Speaking with reporters after the couple landed in Toronto’s airport on Friday, Boyle said their captors, members of the Taliban-linked Haqqani network, raped his wife repeatedly and ordered authorized killing of his daughter.

“The stupidity and the evil of the Haqqani network’s kidnapping of a pilgrim and his heavily pregnant wife … was eclipsed only by the stupidity and evil of authorizing the murder of my infant daughter,” Boyle told reporters. “And the stupidity and evil of the subsequent rape of my wife, not as a lone action, by one guard, but assisted by the captain of the guard and supervised by the commandant.”
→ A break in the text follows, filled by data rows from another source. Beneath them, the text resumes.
(* Let $n=3$ and let $l_1,l_2,l_3,l_\infty$ be nonnegative integers. Two diagrams $x,y\in X(l_1,l_2,l_3,l_\infty)$ lie in the same $J_3$-orbit if and only if they have the same border thickness.
   Context: Cactus group: $J_n$ is the group generated by $s_{p,q}$, $1\le p<q\le n$, subject to the relations $s_{p,q}^2=e$; $s_{p,q}s_{p',q'}=s_{p',q'}s_{p,q}$ if $[p,q]$ and $[p',q']$ are disjoint; $s_{p,q}s_{p',q'}s_{p,q}=s_{p+q-q',p+q-p'}$ if $p\le p'<q'\le q$. Arc diagrams: fix nonnegative integers $l_1,\dots,l_n,l_\infty$. On the boundary circle of a closed disc place $n+1$ marked positions: position $0$ (occupied by $z_\infty$) and positions $1,\dots,n$ following it clockwise. An arc diagram is a bijective assignment of labels $z_1,\dots,z_n$ to positions $1,\dots,n$ together with a finite collection of simple arcs in the disc, pairwise disjoint except at endpoints, each joining two distinct marked points, such that $z_j$ is an endpoint of exactly $l_j$ arcs ($j\in\{1,\dots,n,\infty\}$; $l_j$ is the valence). Parallel arcs are allowed; diagrams are up to isotopy, equivalently determined by the labelling and the number of arcs between each pair of marked points. $X(l_1,\dots,l_n,l_\infty)$ is the set of such diagrams. Action: $s_{p,q}$ ($1\le p<q\le n$) acts by cutting off positions $p,\dots,q$ with a chord $\ell$ (arcs isotoped to cross $\ell$ at most once), reflecting that region by the reflection reversing $\ell$ (label at position $p+t$ goes to position $q-t$, crossing points on $\ell$ reversed), leaving the rest unchanged and reconnecting arcs at $\ell$. Words act right to left; this is an action of $J_n$. Border thickness: the minimum, over the $n+1$ cyclically adjacent pairs of positions $(0,1),(1,2),\dots,(n-1,n),(n,0)$, of the number of arcs joining the two points of the pair. *)

(* Arc diagrams on a disc with n+1 marked boundary positions
   0,1,...,n (clockwise), position 0 carrying z_infinity. *)
From Stdlib Require Import Relations.
From mathcomp Require Import all_boot.
Set Implicit Arguments. Unset Strict Implicit. Unset Printing Implicit Defensive.
Lemma rt_map_lam_psi p : rt_map mul inv psi alpha p = lam_rt lam_psi p.
Proof.
destruct p as [g h]; unfold rt_map, lam_rt, lam_psi; f_equal.
- now rewrite cpsiV.
- rewrite cpsiV, alphaVl, alphaVr, invgK; gsimpl.
  now rewrite (centralCA (alpha g h) g h), (centralC (alpha g h) h) by apply alphaK.
Qed.

Lemma rt'_map_lam_psi p : rt'_map mul inv psi alpha p = lam_rt' lam_psi p.
Proof. destruct p as [g h]; unfold rt'_map, lam_rt', lam_psi, cpsi; f_equal; now gsimpl. Qed.

Lemma psi_alpha_solutions :
  is_nd_YBE_solution (r_map mul inv psi alpha) /\
  is_nd_YBE_solution (r'_map mul inv psi alpha) /\
  is_nd_YBE_solution (rt_map mul inv psi alpha) /\
  is_nd_YBE_solution (rt'_map mul inv psi alpha).
Proof.
rewrite (functional_extensionality _ _ r_map_lam_psi),
  (functional_extensionality _ _ r'_map_lam_psi),
  (functional_extensionality _ _ rt_map_lam_psi),
  (functional_extensionality _ _ rt'_map_lam_psi).
exact (lam_solutions lam_psi lam_psiM lam_psi_act lam_psi1 lam_psiC lam_psi_lam).
Qed.

End CentralLambda.
End Group.

Theorem mainTheorem15 (T : Type) (mul : T -> T -> T) (inv : T -> T) (one : T)
  (K A : T -> Prop) (psi_up : T -> T) (alpha : T -> T -> T) :
  is_group mul inv one ->
  is_subgroup mul inv one K -> central mul K ->
  is_subgroup mul inv one A -> (forall x, K x -> A x) ->
  quotient_abelian mul inv K A ->
  is_lifting_A mul inv K A psi_up ->
  is_in_B mul one K alpha ->
  is_nd_YBE_solution (r_map mul inv psi_up alpha) /\
  is_nd_YBE_solution (r'_map mul inv psi_up alpha) /\
  is_nd_YBE_solution (rt_map mul inv psi_up alpha) /\
  is_nd_YBE_solution (rt'_map mul inv psi_up alpha).
Proof.
(* Of the hypotheses on A only the fact that psi_up takes values in it is needed. *)
intros [mulgA [mul1g [mulg1 [mulVg mulgV]]]] K_subgroup K_central _ _.
exact (psi_alpha_solutions _ _ _ _ mulgA mul1g mulg1 mulVg mulgV K A psi_up alpha
         K_subgroup K_central).
Qed.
In a surprising statement on Sunday, the Taliban denied this, claiming that the child had died as a result of a miscarriage.

Taliban spokesperson Zabihullah Mujahid called the accusations of rape “fabricated” and said the couple hadn’t ever been separated for more than a few minutes, in an interview with the New York Times. “The reason for that was to avoid any suspicions,” he said.

If the Taliban had any intentions of killing or harming the couple, they would not have gone home with three children, said their statement.

The couple was rescued by Pakistani troops, who say they acted hours after receiving a tip from American intelligence.

In his ABC interview, Coleman’s father Jim also raised questions about why Boyle wouldn’t let the family fly out of Pakistan on an American military aircraft and opted instead to take the family to Canada.

“I don’t know what five years of captivity would do to somebody, but if it were me, if I saw a US aircraft and US soldiers, I’d be running for it,” he said.